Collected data
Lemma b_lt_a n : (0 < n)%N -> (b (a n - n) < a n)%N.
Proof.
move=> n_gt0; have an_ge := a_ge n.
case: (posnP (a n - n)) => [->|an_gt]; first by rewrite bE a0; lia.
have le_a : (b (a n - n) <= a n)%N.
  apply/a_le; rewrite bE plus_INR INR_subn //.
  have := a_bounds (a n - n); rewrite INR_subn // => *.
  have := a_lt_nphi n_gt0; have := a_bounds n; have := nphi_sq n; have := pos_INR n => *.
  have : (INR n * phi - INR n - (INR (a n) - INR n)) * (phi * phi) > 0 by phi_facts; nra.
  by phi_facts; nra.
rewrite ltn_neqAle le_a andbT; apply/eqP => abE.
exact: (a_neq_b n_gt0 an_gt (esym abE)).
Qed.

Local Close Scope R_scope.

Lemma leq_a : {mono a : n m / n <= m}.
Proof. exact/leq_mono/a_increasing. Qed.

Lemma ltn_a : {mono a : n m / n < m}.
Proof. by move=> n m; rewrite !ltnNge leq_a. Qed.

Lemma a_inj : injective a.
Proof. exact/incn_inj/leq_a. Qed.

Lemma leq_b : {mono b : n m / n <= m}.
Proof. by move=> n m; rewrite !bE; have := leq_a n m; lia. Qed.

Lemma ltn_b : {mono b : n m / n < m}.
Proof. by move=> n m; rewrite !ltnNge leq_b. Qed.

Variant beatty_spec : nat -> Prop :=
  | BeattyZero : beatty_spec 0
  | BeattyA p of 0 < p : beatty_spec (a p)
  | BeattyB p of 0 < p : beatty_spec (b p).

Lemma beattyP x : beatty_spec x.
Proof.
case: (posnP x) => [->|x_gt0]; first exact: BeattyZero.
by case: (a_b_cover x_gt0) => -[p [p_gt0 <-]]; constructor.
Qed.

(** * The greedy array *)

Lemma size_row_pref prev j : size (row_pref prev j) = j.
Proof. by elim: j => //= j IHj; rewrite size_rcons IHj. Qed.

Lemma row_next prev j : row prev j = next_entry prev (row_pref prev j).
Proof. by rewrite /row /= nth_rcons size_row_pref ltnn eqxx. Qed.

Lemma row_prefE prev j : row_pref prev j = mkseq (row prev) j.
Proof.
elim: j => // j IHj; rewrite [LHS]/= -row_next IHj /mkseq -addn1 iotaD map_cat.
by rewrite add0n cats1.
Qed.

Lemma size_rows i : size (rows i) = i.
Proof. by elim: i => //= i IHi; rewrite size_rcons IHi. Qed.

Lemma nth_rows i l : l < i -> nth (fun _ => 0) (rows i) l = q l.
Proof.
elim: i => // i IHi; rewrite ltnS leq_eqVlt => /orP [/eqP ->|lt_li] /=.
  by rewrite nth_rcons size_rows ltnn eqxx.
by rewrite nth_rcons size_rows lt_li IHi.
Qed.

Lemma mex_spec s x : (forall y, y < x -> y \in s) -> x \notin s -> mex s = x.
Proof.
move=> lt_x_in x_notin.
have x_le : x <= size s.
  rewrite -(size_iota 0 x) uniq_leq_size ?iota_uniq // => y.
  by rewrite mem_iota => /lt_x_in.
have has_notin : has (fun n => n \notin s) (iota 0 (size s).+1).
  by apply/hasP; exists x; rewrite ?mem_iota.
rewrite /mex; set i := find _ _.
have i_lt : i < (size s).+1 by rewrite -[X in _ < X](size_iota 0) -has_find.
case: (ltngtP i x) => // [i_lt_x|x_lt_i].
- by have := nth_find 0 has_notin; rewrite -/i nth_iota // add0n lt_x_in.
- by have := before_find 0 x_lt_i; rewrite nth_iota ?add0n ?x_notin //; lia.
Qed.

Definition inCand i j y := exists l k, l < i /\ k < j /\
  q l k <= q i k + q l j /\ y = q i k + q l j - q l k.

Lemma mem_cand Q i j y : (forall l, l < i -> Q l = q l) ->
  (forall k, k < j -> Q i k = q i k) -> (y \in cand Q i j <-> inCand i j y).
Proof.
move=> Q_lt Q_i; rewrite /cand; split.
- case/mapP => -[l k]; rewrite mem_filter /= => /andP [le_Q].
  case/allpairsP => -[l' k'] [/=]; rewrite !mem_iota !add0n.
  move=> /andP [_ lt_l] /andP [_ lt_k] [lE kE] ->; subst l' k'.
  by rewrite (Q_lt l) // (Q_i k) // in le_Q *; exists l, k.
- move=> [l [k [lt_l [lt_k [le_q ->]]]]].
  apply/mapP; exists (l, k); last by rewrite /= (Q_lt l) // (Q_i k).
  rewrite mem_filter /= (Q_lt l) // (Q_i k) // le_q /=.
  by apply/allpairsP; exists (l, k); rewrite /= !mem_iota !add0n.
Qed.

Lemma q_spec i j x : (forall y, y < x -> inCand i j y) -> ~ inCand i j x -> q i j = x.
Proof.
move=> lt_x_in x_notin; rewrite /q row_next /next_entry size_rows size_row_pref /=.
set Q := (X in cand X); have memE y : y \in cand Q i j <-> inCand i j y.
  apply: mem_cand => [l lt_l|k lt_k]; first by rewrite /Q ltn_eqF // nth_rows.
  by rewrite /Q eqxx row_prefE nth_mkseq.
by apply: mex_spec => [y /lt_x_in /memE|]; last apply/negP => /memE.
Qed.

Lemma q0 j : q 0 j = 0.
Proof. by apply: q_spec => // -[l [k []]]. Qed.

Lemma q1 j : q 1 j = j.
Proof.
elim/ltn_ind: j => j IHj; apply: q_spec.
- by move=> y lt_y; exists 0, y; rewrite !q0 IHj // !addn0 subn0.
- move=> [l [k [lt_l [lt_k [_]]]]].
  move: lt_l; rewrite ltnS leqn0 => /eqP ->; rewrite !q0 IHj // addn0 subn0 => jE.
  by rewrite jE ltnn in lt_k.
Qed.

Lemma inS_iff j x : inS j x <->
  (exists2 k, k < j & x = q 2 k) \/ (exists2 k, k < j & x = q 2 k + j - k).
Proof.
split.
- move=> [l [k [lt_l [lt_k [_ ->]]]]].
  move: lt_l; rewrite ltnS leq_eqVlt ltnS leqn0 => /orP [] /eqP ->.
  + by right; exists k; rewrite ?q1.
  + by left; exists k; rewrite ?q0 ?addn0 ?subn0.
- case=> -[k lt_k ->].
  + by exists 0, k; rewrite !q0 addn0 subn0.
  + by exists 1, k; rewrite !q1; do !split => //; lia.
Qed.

• _Work task_:
Please output the complete data exactly.

• _Answer box_:
Lemma b_lt_a n : (0 < n)%N -> (b (a n - n) < a n)%N.
Proof.
move=> n_gt0; have an_ge := a_ge n.
case: (posnP (a n - n)) => [->|an_gt]; first by rewrite bE a0; lia.
have le_a : (b (a n - n) <= a n)%N.
  apply/a_le; rewrite bE plus_INR INR_subn //.
  have := a_bounds (a n - n); rewrite INR_subn // => *.
  have := a_lt_nphi n_gt0; have := a_bounds n; have := nphi_sq n; have := pos_INR n => *.
  have : (INR n * phi - INR n - (INR (a n) - INR n)) * (phi * phi) > 0 by phi_facts; nra.
  by phi_facts; nra.
rewrite ltn_neqAle le_a andbT; apply/eqP => abE.
exact: (a_neq_b n_gt0 an_gt (esym abE)).
Qed.

Local Close Scope R_scope.

Lemma leq_a : {mono a : n m / n <= m}.
Proof. exact/leq_mono/a_increasing. Qed.

Lemma ltn_a : {mono a : n m / n < m}.
Proof. by move=> n m; rewrite !ltnNge leq_a. Qed.

Lemma a_inj : injective a.
Proof. exact/incn_inj/leq_a. Qed.

Lemma leq_b : {mono b : n m / n <= m}.
Proof. by move=> n m; rewrite !bE; have := leq_a n m; lia. Qed.

Lemma ltn_b : {mono b : n m / n < m}.
Proof. by move=> n m; rewrite !ltnNge leq_b. Qed.

Variant beatty_spec : nat -> Prop :=
  | BeattyZero : beatty_spec 0
  | BeattyA p of 0 < p : beatty_spec (a p)
  | BeattyB p of 0 < p : beatty_spec (b p).

Lemma beattyP x : beatty_spec x.
Proof.
case: (posnP x) => [->|x_gt0]; first exact: BeattyZero.
by case: (a_b_cover x_gt0) => -[p [p_gt0 <-]]; constructor.
Qed.

(** * The greedy array *)

Lemma size_row_pref prev j : size (row_pref prev j) = j.
Proof. by elim: j => //= j IHj; rewrite size_rcons IHj. Qed.

Lemma row_next prev j : row prev j = next_entry prev (row_pref prev j).
Proof. by rewrite /row /= nth_rcons size_row_pref ltnn eqxx. Qed.

Lemma row_prefE prev j : row_pref prev j = mkseq (row prev) j.
Proof.
elim: j => // j IHj; rewrite [LHS]/= -row_next IHj /mkseq -addn1 iotaD map_cat.
by rewrite add0n cats1.
Qed.

Lemma size_rows i : size (rows i) = i.
Proof. by elim: i => //= i IHi; rewrite size_rcons IHi. Qed.

Lemma nth_rows i l : l < i -> nth (fun _ => 0) (rows i) l = q l.
Proof.
elim: i => // i IHi; rewrite ltnS leq_eqVlt => /orP [/eqP ->|lt_li] /=.
  by rewrite nth_rcons size_rows ltnn eqxx.
by rewrite nth_rcons size_rows lt_li IHi.
Qed.

Lemma mex_spec s x : (forall y, y < x -> y \in s) -> x \notin s -> mex s = x.
Proof.
move=> lt_x_in x_notin.
have x_le : x <= size s.
  rewrite -(size_iota 0 x) uniq_leq_size ?iota_uniq // => y.
  by rewrite mem_iota => /lt_x_in.
have has_notin : has (fun n => n \notin s) (iota 0 (size s).+1).
  by apply/hasP; exists x; rewrite ?mem_iota.
rewrite /mex; set i := find _ _.
have i_lt : i < (size s).+1 by rewrite -[X in _ < X](size_iota 0) -has_find.
case: (ltngtP i x) => // [i_lt_x|x_lt_i].
- by have := nth_find 0 has_notin; rewrite -/i nth_iota // add0n lt_x_in.
- by have := before_find 0 x_lt_i; rewrite nth_iota ?add0n ?x_notin //; lia.
Qed.

Definition inCand i j y := exists l k, l < i /\ k < j /\
  q l k <= q i k + q l j /\ y = q i k + q l j - q l k.

Lemma mem_cand Q i j y : (forall l, l < i -> Q l = q l) ->
  (forall k, k < j -> Q i k = q i k) -> (y \in cand Q i j <-> inCand i j y).
Proof.
move=> Q_lt Q_i; rewrite /cand; split.
- case/mapP => -[l k]; rewrite mem_filter /= => /andP [le_Q].
  case/allpairsP => -[l' k'] [/=]; rewrite !mem_iota !add0n.
  move=> /andP [_ lt_l] /andP [_ lt_k] [lE kE] ->; subst l' k'.
  by rewrite (Q_lt l) // (Q_i k) // in le_Q *; exists l, k.
- move=> [l [k [lt_l [lt_k [le_q ->]]]]].
  apply/mapP; exists (l, k); last by rewrite /= (Q_lt l) // (Q_i k).
  rewrite mem_filter /= (Q_lt l) // (Q_i k) // le_q /=.
  by apply/allpairsP; exists (l, k); rewrite /= !mem_iota !add0n.
Qed.

Lemma q_spec i j x : (forall y, y < x -> inCand i j y) -> ~ inCand i j x -> q i j = x.
Proof.
move=> lt_x_in x_notin; rewrite /q row_next /next_entry size_rows size_row_pref /=.
set Q := (X in cand X); have memE y : y \in cand Q i j <-> inCand i j y.
  apply: mem_cand => [l lt_l|k lt_k]; first by rewrite /Q ltn_eqF // nth_rows.
  by rewrite /Q eqxx row_prefE nth_mkseq.
by apply: mex_spec => [y /lt_x_in /memE|]; last apply/negP => /memE.
Qed.

Lemma q0 j : q 0 j = 0.
Proof. by apply: q_spec => // -[l [k []]]. Qed.

Lemma q1 j : q 1 j = j.
Proof.
elim/ltn_ind: j => j IHj; apply: q_spec.
- by move=> y lt_y; exists 0, y; rewrite !q0 IHj // !addn0 subn0.
- move=> [l [k [lt_l [lt_k [_]]]]].
  move: lt_l; rewrite ltnS leqn0 => /eqP ->; rewrite !q0 IHj // addn0 subn0 => jE.
  by rewrite jE ltnn in lt_k.
Qed.

Lemma inS_iff j x : inS j x <->
  (exists2 k, k < j & x = q 2 k) \/ (exists2 k, k < j & x = q 2 k + j - k).
Proof.
split.
- move=> [l [k [lt_l [lt_k [_ ->]]]]].
  move: lt_l; rewrite ltnS leq_eqVlt ltnS leqn0 => /orP [] /eqP ->.
  + by right; exists k; rewrite ?q1.
  + by left; exists k; rewrite ?q0 ?addn0 ?subn0.
- case=> -[k lt_k ->].
  + by exists 0, k; rewrite !q0 addn0 subn0.
  + by exists 1, k; rewrite !q1; do !split => //; lia.
Qed.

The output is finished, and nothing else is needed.